» Task instructions: Repeat the records below word for word, but start at the line that contains "Fixpoint gpow (a", stop after the last line, and include nothing else.

Stored items:
(* Let $G$ be a large scale group of bounded geometry that is not locally bounded and is $\sigma$-bounded. If $G$ has exactly two ends, then $G$ contains an infinite cyclic subgroup of bounded index.
   Context: A large scale group is a group $G$ with a bornology $\mathcal B$ (a cover closed under subsets and finite unions) closed under inverses and products; uniformly bounded covers are those refining $\{gB\}_{g\in G}$ for some $B\in\mathcal B$; bounded sets are members of $\mathcal B$. $G$ has bounded geometry if it is coarsely equivalent to a large scale space $Y$ in which every uniformly bounded cover $\mathcal U$ has a bound $N(\mathcal U)$ on the cardinality of its elements (equivalently, there is a bounded $K\subseteq G$ such that every bounded set is covered by finitely many translates $gK$). $G$ is locally bounded if $\langle B\rangle$ is bounded for every bounded $B$. $G$ is $\sigma$-bounded if it is the union of countably many bounded subsets. A subgroup $H$ has bounded index if $B\cdot H=G$ for some bounded $B$. For $A\subseteq G$ and a cover $\mathcal U$, $st(A,\mathcal U)$ is the union of members of $\mathcal U$ meeting $A$; $A$ is coarsely clopen if $st(A,\mathcal U)\cap st(G\setminus A,\mathcal U)$ is bounded for each uniformly bounded $\mathcal U$. An end is a family of unbounded coarsely clopen sets maximal with respect to all finite intersections being unbounded. *)

From Stdlib Require Import List.

Record Group := {
  carrier :> Type;
  gmul : carrier -> carrier -> carrier;
  ginv : carrier -> carrier;
  gone : carrier;
  gmulA : forall x y z, gmul x (gmul y z) = gmul (gmul x y) z;
  gmul1l : forall x, gmul gone x = x;
  gmul1r : forall x, gmul x gone = x;
  gmulVl : forall x, gmul (ginv x) x = gone;
  gmulVr : forall x, gmul x (ginv x) = gone
}.

Arguments gmul {_}. Arguments ginv {_}. Arguments gone {_}.

Section LS.
Variable G : Group.
Variable bdd : (G -> Prop) -> Prop.

Definition is_large_scale_group : Prop :=
  (forall x : G, exists A, bdd A /\ A x) /\
  (forall A A' : G -> Prop, bdd A -> (forall x, A' x -> A x) -> bdd A') /\
  (forall A A' : G -> Prop, bdd A -> bdd A' -> bdd (fun x => A x \/ A' x)) /\
  (forall A : G -> Prop, bdd A -> bdd (fun x => A (ginv x))) /\
  (forall A A' : G -> Prop, bdd A -> bdd A' ->
     bdd (fun x => exists a b, A a /\ A' b /\ x = gmul a b)).

Definition ltrans (g : G) (B : G -> Prop) : G -> Prop :=
  fun x => exists b, B b /\ x = gmul g b.

Definition unif_bdd_cover (U : (G -> Prop) -> Prop) : Prop :=
  (forall x : G, exists V, U V /\ V x) /\
  exists B, bdd B /\
    forall V, U V -> exists g, forall x, V x -> ltrans g B x.

Definition star (A : G -> Prop) (U : (G -> Prop) -> Prop) : G -> Prop :=
  fun x => exists V, U V /\ (exists a, V a /\ A a) /\ V x.

Definition coarsely_clopen (A : G -> Prop) : Prop :=
  forall U, unif_bdd_cover U ->
    bdd (fun x => star A U x /\ star (fun y => ~ A y) U x).

Definition bigI (l : list (G -> Prop)) : G -> Prop :=
  fun x => Forall (fun A => A x) l.

Definition pre_end (E : (G -> Prop) -> Prop) : Prop :=
  (forall A, E A -> ~ bdd A /\ coarsely_clopen A) /\
  (forall l, l <> nil -> Forall E l -> ~ bdd (bigI l)).

Definition is_end (E : (G -> Prop) -> Prop) : Prop :=
  pre_end E /\
  forall E', pre_end E' -> (forall A, E A -> E' A) -> forall A, E' A -> E A.

Definition same_family (E E' : (G -> Prop) -> Prop) : Prop :=
  forall A, E A <-> E' A.

Definition has_exactly_two_ends : Prop :=
  exists E1 E2, is_end E1 /\ is_end E2 /\ ~ same_family E1 E2 /\
    forall E, is_end E -> same_family E E1 \/ same_family E E2.

Definition subgroup (H : G -> Prop) : Prop :=
  H gone /\ (forall x y, H x -> H y -> H (gmul x y)) /\ (forall x, H x -> H (ginv x)).

Definition gen (B : G -> Prop) : G -> Prop :=
  fun x => forall H, subgroup H -> (forall b, B b -> H b) -> H x.

Definition locally_bounded : Prop :=
  forall B, bdd B -> bdd (gen B).

Definition sigma_bounded : Prop :=
  exists Bn : nat -> G -> Prop, (forall n, bdd (Bn n)) /\ forall x, exists n, Bn n x.

(* bounded geometry, in the equivalent form given in the paper's context *)
Definition bounded_geometry : Prop :=
  exists K, bdd K /\ forall B, bdd B ->
    exists l : list G, forall x, B x -> exists g, In g l /\ ltrans g K x.

Definition bounded_index (H : G -> Prop) : Prop :=
  exists B, bdd B /\ forall x : G, exists b h, B b /\ H h /\ x = gmul b h.

Fixpoint gpow (a : G) (n : nat) : G :=
  match n with O => gone | S m => gmul a (gpow a m) end.

Definition infinite_cyclic (H : G -> Prop) : Prop :=
  exists a : G, (forall n, n <> O -> gpow a n <> gone) /\
    forall x, H x <-> exists n, x = gpow a n \/ x = ginv (gpow a n).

» Result below:
Fixpoint gpow (a : G) (n : nat) : G :=
  match n with O => gone | S m => gmul a (gpow a m) end.

Definition infinite_cyclic (H : G -> Prop) : Prop :=
  exists a : G, (forall n, n <> O -> gpow a n <> gone) /\
    forall x, H x <-> exists n, x = gpow a n \/ x = ginv (gpow a n).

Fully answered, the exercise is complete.